*** EXERCISE MATERIAL Section Begins ***
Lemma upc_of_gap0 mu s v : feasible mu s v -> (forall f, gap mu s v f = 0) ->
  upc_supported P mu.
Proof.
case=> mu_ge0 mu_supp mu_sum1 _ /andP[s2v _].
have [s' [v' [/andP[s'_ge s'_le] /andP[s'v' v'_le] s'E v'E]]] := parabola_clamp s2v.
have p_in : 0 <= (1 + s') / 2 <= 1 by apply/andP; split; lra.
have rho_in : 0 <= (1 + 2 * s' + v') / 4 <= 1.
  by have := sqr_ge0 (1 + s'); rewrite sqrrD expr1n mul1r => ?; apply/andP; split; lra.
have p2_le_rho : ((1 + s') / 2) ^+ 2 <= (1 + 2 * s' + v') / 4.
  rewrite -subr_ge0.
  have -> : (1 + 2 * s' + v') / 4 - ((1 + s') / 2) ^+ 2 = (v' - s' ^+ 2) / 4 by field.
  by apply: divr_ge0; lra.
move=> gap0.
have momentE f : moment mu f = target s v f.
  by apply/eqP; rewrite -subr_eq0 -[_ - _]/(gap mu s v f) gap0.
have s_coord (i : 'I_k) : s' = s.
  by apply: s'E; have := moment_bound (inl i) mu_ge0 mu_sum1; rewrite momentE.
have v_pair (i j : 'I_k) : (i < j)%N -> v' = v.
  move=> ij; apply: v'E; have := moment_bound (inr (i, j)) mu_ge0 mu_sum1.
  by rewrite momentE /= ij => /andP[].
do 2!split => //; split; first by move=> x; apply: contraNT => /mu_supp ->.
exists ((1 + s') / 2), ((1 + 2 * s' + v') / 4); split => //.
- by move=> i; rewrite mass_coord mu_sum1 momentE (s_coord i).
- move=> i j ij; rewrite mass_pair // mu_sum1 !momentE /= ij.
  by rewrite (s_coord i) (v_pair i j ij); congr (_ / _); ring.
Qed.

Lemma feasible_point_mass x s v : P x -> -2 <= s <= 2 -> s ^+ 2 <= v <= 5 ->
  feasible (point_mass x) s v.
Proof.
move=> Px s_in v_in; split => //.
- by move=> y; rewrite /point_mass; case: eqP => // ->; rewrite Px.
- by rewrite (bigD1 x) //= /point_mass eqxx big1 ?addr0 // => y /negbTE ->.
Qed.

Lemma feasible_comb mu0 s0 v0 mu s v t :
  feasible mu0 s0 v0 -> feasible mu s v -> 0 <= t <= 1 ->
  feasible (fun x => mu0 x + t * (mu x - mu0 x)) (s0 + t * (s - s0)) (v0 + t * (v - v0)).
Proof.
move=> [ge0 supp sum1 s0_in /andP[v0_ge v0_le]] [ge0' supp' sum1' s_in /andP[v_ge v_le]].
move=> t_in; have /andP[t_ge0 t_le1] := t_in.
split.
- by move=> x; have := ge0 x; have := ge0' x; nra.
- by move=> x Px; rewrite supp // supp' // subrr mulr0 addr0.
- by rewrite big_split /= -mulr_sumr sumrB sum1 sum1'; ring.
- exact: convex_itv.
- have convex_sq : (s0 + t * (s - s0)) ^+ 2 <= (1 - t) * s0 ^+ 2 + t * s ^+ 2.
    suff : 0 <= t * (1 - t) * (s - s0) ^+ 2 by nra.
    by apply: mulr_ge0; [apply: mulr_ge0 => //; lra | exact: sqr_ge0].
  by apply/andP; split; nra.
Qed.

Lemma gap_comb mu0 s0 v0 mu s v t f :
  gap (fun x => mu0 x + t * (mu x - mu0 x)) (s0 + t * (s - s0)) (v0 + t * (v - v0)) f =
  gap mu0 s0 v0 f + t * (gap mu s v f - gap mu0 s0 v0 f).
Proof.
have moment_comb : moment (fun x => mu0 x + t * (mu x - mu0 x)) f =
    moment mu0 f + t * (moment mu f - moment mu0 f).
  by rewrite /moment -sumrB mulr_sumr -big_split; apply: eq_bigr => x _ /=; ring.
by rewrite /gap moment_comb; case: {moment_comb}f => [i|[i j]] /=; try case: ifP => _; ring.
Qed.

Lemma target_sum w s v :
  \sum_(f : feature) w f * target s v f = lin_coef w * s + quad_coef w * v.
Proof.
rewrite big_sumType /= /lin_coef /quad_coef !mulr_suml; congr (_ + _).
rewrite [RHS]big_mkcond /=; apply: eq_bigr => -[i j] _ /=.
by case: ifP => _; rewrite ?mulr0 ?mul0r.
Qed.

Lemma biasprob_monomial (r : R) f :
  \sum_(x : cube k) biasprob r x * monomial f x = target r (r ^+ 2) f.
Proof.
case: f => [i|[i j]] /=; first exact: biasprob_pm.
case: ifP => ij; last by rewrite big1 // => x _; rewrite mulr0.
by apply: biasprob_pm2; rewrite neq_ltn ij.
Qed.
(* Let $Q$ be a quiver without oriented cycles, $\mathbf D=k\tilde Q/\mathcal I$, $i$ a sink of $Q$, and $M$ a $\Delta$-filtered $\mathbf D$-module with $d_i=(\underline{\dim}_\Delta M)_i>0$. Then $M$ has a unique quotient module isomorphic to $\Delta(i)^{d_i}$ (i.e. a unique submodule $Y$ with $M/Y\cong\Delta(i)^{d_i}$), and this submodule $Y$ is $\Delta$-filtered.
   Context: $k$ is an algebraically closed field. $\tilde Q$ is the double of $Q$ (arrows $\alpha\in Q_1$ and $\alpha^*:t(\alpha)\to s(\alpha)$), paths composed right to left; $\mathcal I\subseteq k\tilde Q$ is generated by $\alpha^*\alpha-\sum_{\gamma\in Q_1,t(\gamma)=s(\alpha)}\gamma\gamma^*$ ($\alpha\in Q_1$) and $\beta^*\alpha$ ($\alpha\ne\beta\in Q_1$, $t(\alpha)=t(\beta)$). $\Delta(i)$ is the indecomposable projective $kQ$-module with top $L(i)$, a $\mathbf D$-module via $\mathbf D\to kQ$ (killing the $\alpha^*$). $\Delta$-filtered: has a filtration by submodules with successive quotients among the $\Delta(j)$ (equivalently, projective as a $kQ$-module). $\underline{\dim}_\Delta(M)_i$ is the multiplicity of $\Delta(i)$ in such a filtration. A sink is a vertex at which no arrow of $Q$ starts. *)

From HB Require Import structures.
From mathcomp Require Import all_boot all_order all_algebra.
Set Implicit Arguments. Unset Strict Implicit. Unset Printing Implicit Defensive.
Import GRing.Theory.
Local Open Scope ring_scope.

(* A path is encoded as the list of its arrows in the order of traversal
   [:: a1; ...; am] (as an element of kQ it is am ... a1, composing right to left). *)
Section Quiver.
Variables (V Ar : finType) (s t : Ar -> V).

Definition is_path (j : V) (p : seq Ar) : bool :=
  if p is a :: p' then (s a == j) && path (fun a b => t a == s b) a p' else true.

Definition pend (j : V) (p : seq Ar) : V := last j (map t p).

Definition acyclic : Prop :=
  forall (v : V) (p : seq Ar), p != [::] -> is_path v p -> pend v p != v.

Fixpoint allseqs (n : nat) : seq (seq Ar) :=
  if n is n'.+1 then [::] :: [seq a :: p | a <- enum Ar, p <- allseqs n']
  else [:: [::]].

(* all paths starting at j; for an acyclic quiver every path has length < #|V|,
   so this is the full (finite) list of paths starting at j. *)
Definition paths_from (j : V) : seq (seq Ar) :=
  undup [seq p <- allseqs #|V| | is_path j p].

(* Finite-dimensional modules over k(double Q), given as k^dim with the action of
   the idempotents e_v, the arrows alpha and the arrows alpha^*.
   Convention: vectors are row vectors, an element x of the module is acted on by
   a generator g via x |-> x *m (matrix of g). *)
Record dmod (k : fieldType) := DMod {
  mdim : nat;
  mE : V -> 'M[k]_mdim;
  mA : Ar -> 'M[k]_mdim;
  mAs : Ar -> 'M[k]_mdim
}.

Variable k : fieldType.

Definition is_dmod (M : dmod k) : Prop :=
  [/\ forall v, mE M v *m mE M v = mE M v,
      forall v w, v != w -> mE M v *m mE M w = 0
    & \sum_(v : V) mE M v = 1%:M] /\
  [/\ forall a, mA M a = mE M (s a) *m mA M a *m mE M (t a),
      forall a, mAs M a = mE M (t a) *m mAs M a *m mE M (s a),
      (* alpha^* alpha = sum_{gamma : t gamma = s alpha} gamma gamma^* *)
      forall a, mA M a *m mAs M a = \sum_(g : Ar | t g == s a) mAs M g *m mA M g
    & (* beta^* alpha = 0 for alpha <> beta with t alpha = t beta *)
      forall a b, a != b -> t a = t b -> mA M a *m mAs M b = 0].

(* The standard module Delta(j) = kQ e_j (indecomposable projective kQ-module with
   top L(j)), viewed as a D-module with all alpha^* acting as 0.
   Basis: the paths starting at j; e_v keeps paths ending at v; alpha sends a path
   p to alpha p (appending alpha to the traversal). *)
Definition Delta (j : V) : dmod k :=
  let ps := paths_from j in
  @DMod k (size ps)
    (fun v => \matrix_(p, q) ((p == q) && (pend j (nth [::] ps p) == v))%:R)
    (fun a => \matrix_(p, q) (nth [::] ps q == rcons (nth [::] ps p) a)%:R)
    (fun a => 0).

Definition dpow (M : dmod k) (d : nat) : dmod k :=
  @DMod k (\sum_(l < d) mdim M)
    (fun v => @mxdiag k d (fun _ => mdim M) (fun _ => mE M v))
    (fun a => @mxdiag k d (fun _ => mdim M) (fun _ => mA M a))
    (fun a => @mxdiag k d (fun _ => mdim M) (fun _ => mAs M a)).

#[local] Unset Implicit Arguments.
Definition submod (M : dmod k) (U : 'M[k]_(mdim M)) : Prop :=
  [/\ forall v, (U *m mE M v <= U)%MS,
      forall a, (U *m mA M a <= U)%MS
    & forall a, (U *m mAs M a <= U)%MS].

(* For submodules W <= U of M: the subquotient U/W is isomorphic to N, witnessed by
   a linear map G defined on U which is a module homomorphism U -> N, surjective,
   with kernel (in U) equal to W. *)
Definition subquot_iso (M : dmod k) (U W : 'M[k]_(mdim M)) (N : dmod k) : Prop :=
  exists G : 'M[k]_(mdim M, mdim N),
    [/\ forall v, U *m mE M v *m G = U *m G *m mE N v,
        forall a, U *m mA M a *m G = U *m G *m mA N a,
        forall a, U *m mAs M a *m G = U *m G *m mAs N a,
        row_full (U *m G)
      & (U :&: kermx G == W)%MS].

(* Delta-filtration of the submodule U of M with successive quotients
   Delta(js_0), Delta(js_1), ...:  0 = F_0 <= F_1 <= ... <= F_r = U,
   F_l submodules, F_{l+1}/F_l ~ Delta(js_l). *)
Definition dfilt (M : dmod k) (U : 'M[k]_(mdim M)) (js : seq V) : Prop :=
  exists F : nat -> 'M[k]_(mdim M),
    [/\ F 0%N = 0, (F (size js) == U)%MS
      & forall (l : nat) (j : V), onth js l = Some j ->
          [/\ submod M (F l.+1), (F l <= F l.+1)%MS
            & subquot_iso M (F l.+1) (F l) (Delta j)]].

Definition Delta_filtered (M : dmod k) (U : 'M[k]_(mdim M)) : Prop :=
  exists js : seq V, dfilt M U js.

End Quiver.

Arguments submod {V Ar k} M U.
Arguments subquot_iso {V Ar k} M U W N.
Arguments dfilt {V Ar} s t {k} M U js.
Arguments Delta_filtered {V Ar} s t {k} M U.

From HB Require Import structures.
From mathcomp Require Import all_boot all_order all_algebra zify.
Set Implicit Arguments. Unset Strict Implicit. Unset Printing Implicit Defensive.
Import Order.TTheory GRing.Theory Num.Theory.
*** EXERCISE MATERIAL Section Ends ***
◆ **WHAT NEEDS TO BE DONE**
All lines from the beginning of the entries through the line marked "by have := sqr_ge0" are to be output exactly; nothing else belongs in the answer.

◆ **RESULT**
Lemma upc_of_gap0 mu s v : feasible mu s v -> (forall f, gap mu s v f = 0) ->
  upc_supported P mu.
Proof.
case=> mu_ge0 mu_supp mu_sum1 _ /andP[s2v _].
have [s' [v' [/andP[s'_ge s'_le] /andP[s'v' v'_le] s'E v'E]]] := parabola_clamp s2v.
have p_in : 0 <= (1 + s') / 2 <= 1 by apply/andP; split; lra.
have rho_in : 0 <= (1 + 2 * s' + v') / 4 <= 1.
  by have := sqr_ge0 (1 + s'); rewrite sqrrD expr1n mul1r => ?; apply/andP; split; lra.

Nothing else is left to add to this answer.